Let $\Sigma =\{A \subseteq \Bbb R: \exists E \subseteq [0,1] \textrm{ Borel measurable, such that } A\cap C=c^{-1}(E) \}$. It is easy to prove that $\Sigma$ is a $\sigma$-algebra and that, since $c$ is monotone, every open interval is in $\Sigma$. So $\mathcal{B} \subseteq \Sigma$.  So, if $A \subseteq \Bbb R$ is Borel measurable, there is $E$ Borel measurable such that $A\cap C=c^{-1}(E)$, so, since $c: C \rightarrow [0,1]$ is surjective, we have that $c(A\cap C)=E$ is Borel measurable. So $\mu$ is well-defined.
Let us now prove $\mu$ is a measure. We have
$$\mu(\emptyset) = \rho(c(\emptyset \cap C)) =\rho(c(\emptyset )) = \rho(\emptyset) =0$$
Now, let $\Gamma =\{ y\in [0,1] : \exists a,b \in C, a\neq b \textrm{ and } y=c(a)=c(b)\}  $. It is easy to prove that $\Gamma$ is countable and so $\rho(\Gamma)=0$.

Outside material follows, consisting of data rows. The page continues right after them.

(* Let $\Phi$ be a Young function, $Q\subset\mathbb{R}^N$ bounded open and $\{T(x)\}$ an $N$-dimensional dynamical system on $(\Omega,\mathscr{M},\mu)$. Then every $f\in\mathcal{C}(\overline{Q},L^\infty(\Omega))$ is admissible.
   Context: Young function: $\Phi:[0,\infty)\to[0,\infty)$ continuous, convex, $\Phi(t)>0$ for $t>0$, $\Phi(t)/t\to0$ at $0$, $\to\infty$ at $\infty$. $N$-dimensional dynamical system: invertible bimeasurable maps $T(x)$ of the probability space $(\Omega,\mathscr{M},\mu)$, $T(0)=\mathrm{id}$, $T(x_1+x_2)=T(x_1)\circ T(x_2)$, $\mu$-preserving, jointly measurable in $(x,\omega)$. $\mathcal{C}(\overline{Q},L^\infty(\Omega))$ is the space of continuous maps $\overline Q\to L^\infty(\Omega)$. An element $f\in L^\Phi(Q\times\Omega)$ is admissible if $f_T:(x,\omega)\mapsto f(x,T(x)\omega)$ defines an element of $L^\Phi(Q\times\Omega)$. *)

From HB Require Import structures.
From mathcomp Require Import all_boot all_order all_algebra.
From mathcomp Require Import all_classical all_reals all_analysis.
From mathcomp Require Import ess_sup_inf.
Set Implicit Arguments. Unset Strict Implicit. Unset Printing Implicit Defensive.
Import Order.TTheory GRing.Theory Num.Theory.
Import numFieldNormedType.Exports.
Local Open Scope classical_set_scope.
Local Open Scope ring_scope.

Section lebN.
Context {R : realType}.
Local Open Scope ereal_scope.

Definition tcons n (p : n.-tuple R * R) : n.+1.-tuple R := [tuple of p.2 :: p.1].

Lemma measurable_tcons n : measurable_fun [set: n.-tuple R * R] (@tcons n).
Proof. exact: measurable_cons. Qed.

Variables (n : nat) (m : {measure set (n.-tuple R) -> \bar R}).

Definition lebS : set (n.+1.-tuple R) -> \bar R :=
  pushforward (m \x (@lebesgue_measure R)) (@tcons n).

Let lebS0 : lebS set0 = 0.
Proof. by rewrite /lebS /pushforward preimage_set0 measure0. Qed.

Let lebS_ge0 A : 0 <= lebS A.
Proof. rewrite /lebS /pushforward; exact: (measure_ge0 (m \x (@lebesgue_measure R))). Qed.

Let lebS_sigma_additive : semi_sigma_additive lebS.
Proof.
move=> F mF tF mUF; rewrite /lebS /pushforward preimage_bigcup.
apply: measure_semi_sigma_additive.
- by move=> k; rewrite -[X in measurable X]setTI; exact: measurable_tcons.
- apply/trivIsetP => /= i j _ _ ij; rewrite -preimage_setI.
  by move/trivIsetP : tF => /(_ _ _ _ _ ij) ->//; rewrite preimage_set0.
- by rewrite -preimage_bigcup -[X in measurable X]setTI; exact: measurable_tcons.
Qed.

HB.instance Definition _ := isMeasure.Build _ _ _ lebS lebS0 lebS_ge0 lebS_sigma_additive.
End lebN.

Fixpoint lebN {R : realType} (n : nat) : {measure set (n.-tuple R) -> \bar R} :=
  match n with
  | 0 => \d_ [tuple]
  | k.+1 => lebS (lebN k)
  end.

Section geometry.
Context {R : realType} {n : nat}.
Implicit Types (x y : n.-tuple R) (Q : set (n.-tuple R)).

Definition tdist x y : R := \big[Num.max/0]_(i < n) `|tnth x i - tnth y i|.
Definition tadd x y : n.-tuple R := [tuple tnth x i + tnth y i | i < n].
Definition tzero : n.-tuple R := [tuple 0 | i < n].

Definition topen Q :=
  forall x, Q x -> exists2 e : R, 0 < e & forall y, tdist x y < e -> Q y.
Definition tbounded Q :=
  exists M : R, forall x, Q x -> forall i, `|tnth x i| <= M.
Definition tclosure Q : set (n.-tuple R) :=
  [set x | forall e : R, 0 < e -> exists2 y, Q y & tdist x y < e].
End geometry.

Definition young {R : realType} (Phi : R -> R) : Prop :=
  {within `[0%R, +oo[, continuous Phi} /\
  (forall s t a : R, 0 <= s -> 0 <= t -> 0 <= a <= 1 ->
     Phi (a * s + (1 - a) * t) <= a * Phi s + (1 - a) * Phi t) /\
  (forall t : R, 0 <= t -> 0 <= Phi t) /\
  (forall t : R, 0 < t -> 0 < Phi t) /\
  (Phi t / t @[t --> 0^'+] --> 0) /\
  (Phi t / t @[t --> +oo] --> +oo).

Definition dynamical_system {R : realType} {d} {Omega : measurableType d} {N : nat}
  (mu : {measure set Omega -> \bar R}) (T : N.-tuple R -> Omega -> Omega) : Prop :=
  (forall x, measurable_fun [set: Omega] (T x) /\
     exists Tinv : Omega -> Omega,
       [/\ cancel (T x) Tinv, cancel Tinv (T x) & measurable_fun [set: Omega] Tinv]) /\
  (forall w, T tzero w = w) /\
  (forall x1 x2 w, T (tadd x1 x2) w = T x1 (T x2 w)) /\
  (forall x A, measurable A -> mu (T x @^-1` A) = mu A) /\
  measurable_fun [set: N.-tuple R * Omega] (fun p => T p.1 p.2).

Section Linfty.
Context {R : realType} {d} {Omega : measurableType d}.
Variable mu : {measure set Omega -> \bar R}.

Definition Linfty_elt (g : Omega -> R) : Prop :=
  measurable_fun [set: Omega] g /\ (ess_sup mu (fun w => (`|g w|)%:E) < +oo)%E.

Definition Linfty_dist (g h : Omega -> R) : \bar R :=
  ess_sup mu (fun w => (`|g w - h w|)%:E).

Definition C_closure_Linfty {N : nat} (Q : set (N.-tuple R))
    (f : N.-tuple R -> Omega -> R) : Prop :=
  (forall x, tclosure Q x -> Linfty_elt (f x)) /\
  (forall x, tclosure Q x -> forall e : R, 0 < e ->
     exists2 delta : R, 0 < delta &
       forall y, tclosure Q y -> tdist x y < delta ->
         (Linfty_dist (f y) (f x) <= e%:E)%E).
End Linfty.

Definition in_Orlicz {R : realType} {d} {X : measurableType d} (Phi : R -> R)
    (m : {measure set X -> \bar R}) (D : set X) (g : X -> R) : Prop :=
  measurable_fun D g /\
  exists2 l : R, 0 < l & (\int[m]_(z in D) (Phi (`|g z| / l))%:E < +oo)%E.

Definition admissible {R : realType} {d} {Omega : measurableType d} {N : nat}
    (Phi : R -> R) (mu : probability Omega R) (Q : set (N.-tuple R))
    (T : N.-tuple R -> Omega -> Omega) (f : N.-tuple R -> Omega -> R) : Prop :=
  exists g : N.-tuple R * Omega -> R,
    in_Orlicz Phi ((lebN N) \x mu)%E (Q `*` [set: Omega]) g /\
    (\forall x \ae lebN N, Q x -> \forall w \ae mu, g (x, w) = f x (T x w)).

From HB Require Import structures.
From mathcomp Require Import all_boot all_order all_algebra.
From mathcomp Require Import all_classical all_reals all_analysis.
From mathcomp Require Import ess_sup_inf.
From mathcomp Require Import lra.
From mathcomp Require Import measurable_realfun.
Set Implicit Arguments. Unset Strict Implicit. Unset Printing Implicit Defensive.
Import Order.TTheory GRing.Theory Num.Theory.
Import numFieldNormedType.Exports.
Local Open Scope classical_set_scope.
Local Open Scope ring_scope.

Now let $A$ and $B$ be disjoint measurable subsets of $\Bbb R$. Then, $A \cap C$ and $B \cap C$ are disjoint measurable subsets of $C$. Note that $c(A \cap C)$ and $c(B \cap C)$ may not be disjoint, because $c$ (even restricted to $C$) is not injective, but $c(A \cap C) \cap c(B \cap C) \subseteq \Gamma$. So, $\rho(c(A \cap C) \cap c(B \cap C))=0$.
So we have
\begin{align*} 
\mu(A \cup B) & = \rho(c((A \cup B)\cap C)) =\\ 
& =  \rho(c((A\cap C) \cup ( B \cap C))) = \\ 
&=\rho(c(A\cap C) \cup c(B\cap C)) = \\
& = \rho(c(A\cap C)) + \rho(c(B\cap C)) - \rho(c(A\cap C) \cap c(B\cap C)) = \\
& = \rho(c(A\cap C)) + \rho(c(B\cap C)) = \\
& = \mu(A) + \mu(B)
\end{align*}
Now to prove that $\mu$ is $\sigma$-additive, it is enough  to prove that $\mu$ is continuous from below.

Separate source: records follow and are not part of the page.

(* Let $k\ge2$ be an integer and let $D$ be a digraph of order $n$ with no isolated vertex. Then $\gamma_{trk}(D)=k$ if and only if one of the following holds: (a) $n=k$; (b) $n\ge k+1$ and there exists a set $X=\{v_1,\dots,v_t\}\subseteq V(D)$ with $2\le t\le k$ such that the induced subdigraph $D[X]$ has no isolated vertex and $V(D)\setminus X\subseteq N^+(v_i)$ for every $1\le i\le t$.
   Context: All digraphs are finite, with no loops or multiple arcs (pairs of opposite arcs are allowed). $N^-(v)$, $N^+(v)$ denote the in- and out-neighborhoods of $v$; $D[X]$ is the subdigraph induced by $X$. A vertex is isolated if it has no in-neighbor and no out-neighbor. For a positive integer $k$, a $k$-rainbow dominating function ($k$RDF) on $D$ is a function $f:V(D)\to\mathcal P(\{1,\dots,k\})$ such that every $v$ with $f(v)=\emptyset$ satisfies $\bigcup_{u\in N^-(v)}f(u)=\{1,\dots,k\}$; its weight is $\omega(f)=\sum_v|f(v)|$. If $D$ has no isolated vertex, a total $k$RDF (T$k$RDF) is a $k$RDF $f$ such that the subdigraph induced by $\{v:f(v)\ne\emptyset\}$ has no isolated vertex; $\gamma_{trk}(D)$ is the minimum weight of a T$k$RDF. *)

(* A digraph on a finite vertex type T is an arc relation
   a : rel T (a u v = arc u -> v); looplessness is a hypothesis (irreflexive a).
   Colours {1,..,k} are represented by 'I_k. *)
From mathcomp Require Import all_boot.
Set Implicit Arguments. Unset Strict Implicit. Unset Printing Implicit Defensive.

Section Digraph.
Variables (T : finType) (a : rel T).

Definition in_nbhd (v : T) : {set T} := [set u | a u v].
Definition out_nbhd (v : T) : {set T} := [set w | a v w].

Definition nonisolated_in (S : {set T}) (v : T) : bool :=
  [exists u in S, a u v || a v u].

Definition no_isolated : bool := [forall v, nonisolated_in [set: T] v].

Definition induced_no_isolated (S : {set T}) : bool :=
  [forall v in S, nonisolated_in S v].

Variable k : nat.

Definition is_kRDF (f : {ffun T -> {set 'I_k}}) : bool :=
  [forall v, (f v == set0) ==> (\bigcup_(u in in_nbhd v) f u == [set: 'I_k])].

Definition support (f : {ffun T -> {set 'I_k}}) : {set T} :=
  [set v | f v != set0].

Definition is_TkRDF (f : {ffun T -> {set 'I_k}}) : bool :=
  is_kRDF f && induced_no_isolated (support f).

Definition weight (f : {ffun T -> {set 'I_k}}) : nat := \sum_v #|f v|.

(* minimum weight of a TkRDF; the default #|T| * k is the weight of the
   constant-full function, which is a TkRDF whenever D has no isolated
   vertex, so this is the true minimum under the standing assumption *)
Definition gamma_trk : nat :=
  \big[minn/(#|T| * k)%N]_(f : {ffun T -> {set 'I_k}} | is_TkRDF f) weight f.

End Digraph.

(* A k-rainbow dominating function of weight w has either no empty label,
   so w >= n, or an empty label at some v, whose in-neighbours then carry
   all k colours, so w >= k; hence gamma_trk >= min(n, k), while a single
   colour on every vertex gives gamma_trk <= n.  If n > k and f is a minimum
   TkRDF of weight k, the in-neighbours of any empty vertex already carry
   weight k, so the support X of f lies in the in-neighbourhood of every
   vertex outside X; X has at most k vertices, and at least two since D[X]
   has no isolated vertex.  Conversely, for such an X, labelling the vertices
   of X by the fibres of a map from the k colours onto X is a TkRDF of
   weight k. *)
From Pilot Require Import Defs.
From mathcomp Require Import all_boot.
Set Implicit Arguments. Unset Strict Implicit. Unset Printing Implicit Defensive.

Lemma bigmin_leq (I : eqType) (r : seq I) (P : pred I) (F : I -> nat) d x :
  x \in r -> P x -> \big[minn/d]_(i <- r | P i) F i <= F x.
Proof.
elim: r => // y r IHr; rewrite inE big_cons => /predU1P[<- -> | xr Px].
  exact: geq_minl.
have IHx := IHr xr Px; case: (P y) => //.
exact: leq_trans (geq_minr _ _) IHx.
Qed.

Lemma card_bigcup_leq (I T : finType) (P : pred I) (F : I -> {set T}) :
  #|\bigcup_(i | P i) F i| <= \sum_(i | P i) #|F i|.
Proof.
elim/big_ind2: _ => [|m A n B /= leAm leBn|//]; first by rewrite cards0.
exact: leq_trans (leq_card_setU A B).1 (leq_add leAm leBn).
Qed.

Lemma induced_no_isolated_card (T : finType) (a : rel T) (S : {set T}) :
  irreflexive a -> induced_no_isolated a S -> S != set0 -> 1 < #|S|.
Proof.
move=> irr /forallP noisoS /set0Pn[u Su].
have /existsP[v /andP[Sv auv]] := implyP (noisoS u) Su.
apply/card_gt1P; exists u, v; split => //; apply: contraTneq auv => <-.
by rewrite irr.
Qed.

Lemma exists_onto_set (T : finType) (k : nat) (X : {set T}) :
  0 < #|X| -> #|X| <= k -> exists g : 'I_k -> T, g @: setT = X.
Proof.
move=> /card_gt0P[x0 Xx0] leXk.
exists (fun i => nth x0 (enum X) i); apply/setP => v; apply/imsetP/idP.
  move=> [i _ ->]; have [ltiX|leXi] := ltnP i (size (enum X)).
    by rewrite -mem_enum mem_nth.
  by rewrite nth_default.
move=> Xv; have ltvk : index v (enum X) < k.
  by apply: leq_trans leXk; rewrite cardE index_mem mem_enum.
by exists (Ordinal ltvk); rewrite ?nth_index ?mem_enum.
Qed.

Section RainbowDomination.
Variables (T : finType) (a : rel T) (k : nat).
Implicit Types (f : {ffun T -> {set 'I_k}}) (v w : T).

(* Unqualified, [support] is MathComp's notation for the 0-support of a map. *)

Lemma weight_leq f : weight f <= #|T| * k.
Proof.
rewrite /weight -sum_nat_const; apply: leq_sum => v _.
by rewrite -[X in _ <= X]card_ord max_card.
Qed.

Lemma card_support_leq f : #|Defs.support f| <= weight f.
Proof.
rewrite /weight -sum1_card [leqRHS](bigID (mem (Defs.support f))) /=.
by apply: leq_trans (leq_addr _ _); apply: leq_sum => v; rewrite inE card_gt0.
Qed.

Lemma kRDF_in_nbhd_weight f w :
  is_kRDF a f -> f w = set0 -> k <= \sum_(u in in_nbhd a w) #|f u|.
Proof.
move=> /forallP /(_ w) /implyP cover_w fw0.
rewrite -[leqLHS]card_ord -cardsT -(eqP (cover_w (introT eqP fw0))).
exact: card_bigcup_leq.
Qed.

Lemma kRDF_weight_geq f : is_kRDF a f -> minn #|T| k <= weight f.
Proof.
move=> kRDFf; have [/existsP[w /eqP fw0] | /existsPn nonempty] :=
  boolP [exists w, f w == set0].
  apply: leq_trans (geq_minr _ _) _.
  apply: leq_trans (kRDF_in_nbhd_weight kRDFf fw0) _.
  by rewrite /weight [leqRHS](bigID (mem (in_nbhd a w))) leq_addr.
apply: leq_trans (geq_minl _ _) _; rewrite /weight -sum1_card.
by apply: leq_sum => v _; rewrite card_gt0 nonempty.
Qed.

Lemma gamma_trk_leq f : is_TkRDF a f -> gamma_trk a k <= weight f.
Proof. by move=> TkRDFf; apply: bigmin_leq; rewrite ?mem_index_enum. Qed.

Lemma gamma_trk_geq m :
  m <= #|T| * k -> (forall f, is_TkRDF a f -> m <= weight f) -> m <= gamma_trk a k.
Proof.
move=> le_m_default le_m_weight; rewrite /gamma_trk.
by elim/big_ind: _ => [|x y lemx lemy|f /le_m_weight]; rewrite ?leq_min ?lemx.
Qed.

Lemma gamma_trk_attained f0 :
  is_TkRDF a f0 ->
  exists2 f : {ffun T -> {set 'I_k}}, is_TkRDF a f & weight f = gamma_trk a k.
Proof.
move=> TkRDFf0; have [g TkRDFg min_g] := arg_minnP (@weight T k) TkRDFf0.
exists g => //; apply/eqP; rewrite eqn_leq gamma_trk_geq ?gamma_trk_leq //.
  exact: weight_leq.
Qed.

Lemma gamma_trk_geq_min : minn #|T| k <= gamma_trk a k.
Proof.
apply: gamma_trk_geq => [|f /andP[kRDFf _]]; last exact: kRDF_weight_geq.
by case: k => [|k']; rewrite ?minn0 // (leq_trans (geq_minl _ _)) ?leq_pmulr.
Qed.

Lemma exists_TkRDF_weight_card :
  0 < k -> no_isolated a ->
  exists2 f : {ffun T -> {set 'I_k}}, is_TkRDF a f & weight f = #|T|.
Proof.
move=> k_gt0 /forallP noiso.
set f : {ffun T -> {set 'I_k}} := [ffun=> [set Ordinal k_gt0]].
have card_f v : #|f v| = 1 by rewrite ffunE cards1.
exists f; last by rewrite /weight -sum1_card; apply: eq_bigr.
apply/andP; split.
  by apply/forallP => v; rewrite -cards_eq0 card_f.
have -> : Defs.support f = setT by apply/setP => v; rewrite !inE -card_gt0 card_f.
by apply/forallP => v; apply/implyP.
Qed.

Lemma weight_eq0 f : (weight f == 0) = (Defs.support f == set0).
Proof.
rewrite /weight sum_nat_eq0; apply/forallP/eqP => [f0 | supp0 v].
  by apply/setP => v; rewrite !inE -cards_eq0 (implyP (f0 v)).
by apply/implyP => _; move/setP/(_ v): supp0; rewrite !inE cards_eq0 => /negbFE.
Qed.

Lemma support_sub_in_nbhd f w :
  is_kRDF a f -> weight f <= k -> f w = set0 -> Defs.support f \subset in_nbhd a w.
Proof.
move=> kRDFf le_fk fw0; have := leq_trans le_fk (kRDF_in_nbhd_weight kRDFf fw0).
rewrite /weight (bigID (mem (in_nbhd a w))) /= -[X in _ <= X]addn0 leq_add2l leqn0.
rewrite sum_nat_eq0 => /'forall_in_eqP outside0; apply/subsetP => u.
by rewrite !inE; apply: contraR => u_out; rewrite -cards_eq0 outside0 ?inE.
Qed.

Definition fibre_labelling (g : 'I_k -> T) : {ffun T -> {set 'I_k}} :=
  [ffun v => [set i | g i == v]].

Lemma support_fibre_labelling g : Defs.support (fibre_labelling g) = g @: setT.
Proof.
apply/setP => v; rewrite inE ffunE; apply/set0Pn/imsetP => [[i]|[i _ ->]].
  by rewrite inE => /eqP <-; exists i.
by exists i; rewrite inE.
Qed.

Lemma weight_fibre_labelling g : weight (fibre_labelling g) = k.
Proof.
rewrite /weight -[RHS]card_ord -sum1_card (partition_big g predT) //=.
by apply: eq_bigr => v _; rewrite ffunE sum1dep_card.
Qed.

Lemma fibre_labelling_kRDF g :
  (forall v, v \notin g @: setT -> g @: setT \subset in_nbhd a v) ->
  is_kRDF a (fibre_labelling g).
Proof.
move=> dominated; apply/forallP => v; apply/implyP => fv0.
have /subsetP dom_v : g @: setT \subset in_nbhd a v.
  by apply: dominated; rewrite -support_fibre_labelling inE fv0.
apply/eqP/setP => i; rewrite inE; apply/bigcupP; exists (g i).
  by apply: dom_v; rewrite imset_f.
by rewrite ffunE inE.
Qed.

Lemma TkRDF_support_dominating f :
  irreflexive a -> 0 < k -> is_TkRDF a f -> weight f = k ->
  let X := Defs.support f in
  [/\ 2 <= #|X| <= k, induced_no_isolated a X &
      forall v, v \in X -> ~: X \subset out_nbhd a v].
Proof.
move=> irr k_gt0 /andP[kRDFf nonisoX] wf X; split=> // [|v Xv].
  rewrite (leq_trans (card_support_leq f)) ?wf // andbT.
  rewrite (induced_no_isolated_card irr) //.
  by rewrite -weight_eq0 wf -lt0n.
apply/subsetP => x; rewrite !inE negbK => /eqP fx0.
have /subsetP/(_ v Xv) := support_sub_in_nbhd kRDFf (eq_leq wf) fx0.
by rewrite inE.
Qed.

Lemma dominating_set_TkRDF (X : {set T}) :
  0 < #|X| -> #|X| <= k -> induced_no_isolated a X ->
  (forall v, v \in X -> ~: X \subset out_nbhd a v) ->
  exists2 f : {ffun T -> {set 'I_k}}, is_TkRDF a f & weight f = k.
Proof.
move=> X_gt0 /(exists_onto_set X_gt0)[g gX] nonisoX domX.
exists (fibre_labelling g); last exact: weight_fibre_labelling.
rewrite /is_TkRDF support_fibre_labelling gX nonisoX andbT.
apply: fibre_labelling_kRDF => v; rewrite gX => Xv; apply/subsetP => u Xu.
by have /subsetP/(_ v) := domX u Xu; rewrite !inE => /(_ Xv).
Qed.

End RainbowDomination.

Theorem theorem3p5 (T : finType) (a : rel T) (k : nat) :
  2 <= k -> irreflexive a -> no_isolated a ->
  (gamma_trk a k = k <->
   (#|T| = k \/
    (k.+1 <= #|T| /\
     exists X : {set T},
       [/\ 2 <= #|X| <= k, induced_no_isolated a X &
           forall v, v \in X -> ~: X \subset out_nbhd a v]))).
Proof.
move=> k_ge2 irr noiso; have k_gt0 : 0 < k by apply: ltnW.
have [f0 TkRDFf0 wf0] := exists_TkRDF_weight_card k_gt0 noiso.
have gamma_le_n : gamma_trk a k <= #|T| by rewrite -wf0 gamma_trk_leq.
have gamma_ge_min := gamma_trk_geq_min a k.
split=> [gamma_k | [n_k | [lt_k_n [X [/andP[X_ge2 X_lek] nonisoX domX]]]]].
- have [n_k | n_neq_k] := eqVneq #|T| k; [by left | right].
  split; first by rewrite ltn_neqAle eq_sym n_neq_k -gamma_k.
  have [f TkRDFf wf] := gamma_trk_attained TkRDFf0.
  by exists (Defs.support f); apply: TkRDF_support_dominating; rewrite ?wf.
- move: gamma_le_n gamma_ge_min; rewrite n_k minnn => gamma_le_k k_le_gamma.
  by apply/eqP; rewrite eqn_leq gamma_le_k.
have [f TkRDFf wf] := dominating_set_TkRDF (ltnW X_ge2) X_lek nonisoX domX.
apply/eqP; rewrite eqn_leq -[leqRHS]wf gamma_trk_leq //.
by apply: leq_trans _ gamma_ge_min; rewrite (minn_idPr (ltnW lt_k_n)).
Qed.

Suppose $\{A_i\}_i$ is a non-decreasing monotonic family of measurable subsets of $\Bbb R$. Then $\{A_i \cap C\}_i$ is a  non-decreasing monotonic family of measurable subsets of $C$. Then $\{c(A_i \cap C)\}_i$ is a  non-decreasing monotonic family of measurable subsets of $[0,1]$. So, wee have
\begin{align*} 
\mu \left (\bigcup_i A_i \right )& = \rho \left (c \left ( \left ( \bigcup_i A_i \right )\cap C \right ) \right ) = \\
&= \rho \left ( \bigcup_i c(A_i \cap C)   \right) = \\
&= \lim_i \rho(c(A_i \cap C)) = \\
& =  \lim_i \mu(A_i)
\end{align*}
So $\mu$ is $\sigma$-additive.
It is immediate that $\mu(\Bbb R)= \rho(c(\Bbb R \cap C))=\rho(c(C))=\rho([0,1])=1$. So $\mu$ is a probability.  It is also immediate that if $A\cap C=\emptyset$ then $\mu(A)= \rho(c(A\cap C)) =\rho(c(\emptyset))=\rho(\emptyset) = 0$. So, a support of $\mu$ is $C$.